By Julian Bajkowski
State and local governments are again under direct fire from Canberra over the levels of tax and ratepayer support for the local automotive manufacturing industry from public sector fleet buyers after the Federal Government vowed to introduce new rules to make its own car pool 100 per cent Australian made.
The latest changes to use Commonwealth fleet procurement requirements to boost local carmakers come as Industry Minister Kim Carr finally confirmed another $200 million will be sunk into the ailing automotive sector in bid to ensure that local manufacturing can continue.
Informed speculation from industry over the size and shape of the latest package has been leaking out for weeks, however the government yesterday finally aid that the $200 million package will be “fully offset from the contingency reserve.” In essence that means that money that was available but not yet spent will be reapplied.
“We want to lift the level of demand for Australian made cars, so we are asking governments around Australia to back Australia,” Mr Carr told the ABC.
“We are asking governments around Australia to buy Australian. We are also saying to our own agencies that we want to see 100 per cent Australian made cars in our fleets unless there is some special exemptions required for particular vehicles.”
Those exemptions are well documents, including the prominent purchase of five armoured BMW X5 SUVs that routinely tail the Prime Minister’s own
Holden official duties car as security detail ‘chase’ cars. The Australian Federal Police has said that German-made vehicles were the best fit for purpose and value for money at $300,000 each compared to locally converted cars.
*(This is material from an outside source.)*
(* Let $\Gamma$ be a finite multiset of formulas and $G$ a formula. If the sequent $\Gamma\longrightarrow G$ has an $\mathbf{I}$-proof in which (1) either no $\lor$-L rule is used, or no $\lor$-R and no $\exists$-R rules are used, and (2) either no $\exists$-L rule or no $\exists$-R rule is used, then $\Gamma\longrightarrow G$ has a uniform proof. Moreover, this characterization is tight: for each of the three combinations $\{\lor\text{-L},\exists\text{-R}\}$, $\{\lor\text{-L},\lor\text{-R}\}$, $\{\exists\text{-L},\exists\text{-R}\}$ there is a sequent with an $\mathbf{I}$-proof in which rules of both kinds in that combination are used, but which has no uniform proof.
   Context: Formulas are first-order formulas built from atomic formulas and the logical constants $\top$, $\bot$ (not counted as atomic) using $\land,\lor,\supset,\forall,\exists$; $\neg A$ abbreviates $A\supset\bot$; $B[t/x]$ is capture-avoiding substitution of term $t$ for free $x$ in $B$. A sequent $\Gamma\longrightarrow\Delta$ is a pair of finite multisets of formulas; $B,\Gamma$ denotes $\Gamma$ with an extra occurrence of $B$. A sequent is an axiom if $\top\in\Delta$ or some formula that is $\bot$ or atomic occurs in both $\Gamma$ and $\Delta$. Writing premises $\Rightarrow$ conclusion, the rules are all instances of: contr-L: $B,B,\Gamma\longrightarrow\Delta\Rightarrow B,\Gamma\longrightarrow\Delta$; contr-R: $\Gamma\longrightarrow\Delta,B,B\Rightarrow\Gamma\longrightarrow\Delta,B$; $\bot$-R: $\Gamma\longrightarrow\Delta,\bot\Rightarrow\Gamma\longrightarrow\Delta,D$; $\land$-L: $B,\Gamma\longrightarrow\Delta\Rightarrow B\land D,\Gamma\longrightarrow\Delta$ and $D,\Gamma\longrightarrow\Delta\Rightarrow B\land D,\Gamma\longrightarrow\Delta$; $\lor$-L: $B,\Gamma\longrightarrow\Delta$ and $D,\Gamma\longrightarrow\Delta\Rightarrow B\lor D,\Gamma\longrightarrow\Delta$; $\land$-R: $\Gamma\longrightarrow\Delta,B$ and $\Gamma\longrightarrow\Delta,D\Rightarrow\Gamma\longrightarrow\Delta,B\land D$; $\lor$-R: $\Gamma\longrightarrow\Delta,B\Rightarrow\Gamma\longrightarrow\Delta,B\lor D$ and $\Gamma\longrightarrow\Delta,D\Rightarrow\Gamma\longrightarrow\Delta,B\lor D$; $\supset$-L: $\Gamma\longrightarrow\Delta,B$ and $D,\Gamma\longrightarrow\Theta\Rightarrow B\supset D,\Gamma\longrightarrow\Delta,\Theta$; $\supset$-R: $B,\Gamma\longrightarrow\Delta,D\Rightarrow\Gamma\longrightarrow\Delta,B\supset D$; $\forall$-L: $B[t/x],\Gamma\longrightarrow\Delta\Rightarrow\forall x B,\Gamma\longrightarrow\Delta$; $\exists$-R: $\Gamma\longrightarrow\Delta,B[t/x]\Rightarrow\Gamma\longrightarrow\Delta,\exists x B$ ($t$ any term); $\exists$-L: $B[c/x],\Gamma\longrightarrow\Delta\Rightarrow\exists x B,\Gamma\longrightarrow\Delta$; $\forall$-R: $\Gamma\longrightarrow\Delta,B[c/x]\Rightarrow\Gamma\longrightarrow\Delta,\forall x B$, where the constant $c$ does not occur in the conclusion. A $\mathbf{C}$-proof is a finite tree of sequents with axioms at the leaves, each internal node being the conclusion of a rule instance whose premises are its children. An $\mathbf{I}$-proof is a $\mathbf{C}$-proof in which every sequent has exactly one formula in its succedent. A uniform proof ($\mathbf{O}$-proof) is an $\mathbf{I}$-proof in which any sequent that has a non-atomic formula distinct from $\bot$ in its succedent occurs only as the conclusion of an inference rule that introduces the top-level logical symbol of that formula. A rule ''is used'' if some instance of that schema occurs in the proof. *)

From Stdlib Require Import List Permutation Arith.
Import ListNotations.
“There are special types of vehicles that we need to have – different types of imported vehicles,” Senator Carr said.
However Industry Minister lambasted local and state governments for shirking their duty to support domestic industry and its products while using arguments of better fuel efficiency as a cover to avoid Australian made cars.
“Our vehicles are high quality, high value and they are fuel efficient. Those days are gone, those excuses are gone,” Senator Carr said.
“We have got to have an obligation here to our own people. Backing Australian jobs, backing Australian industry is an obligation that all governments share whether they are local government, state government or at the Commonwealth level.”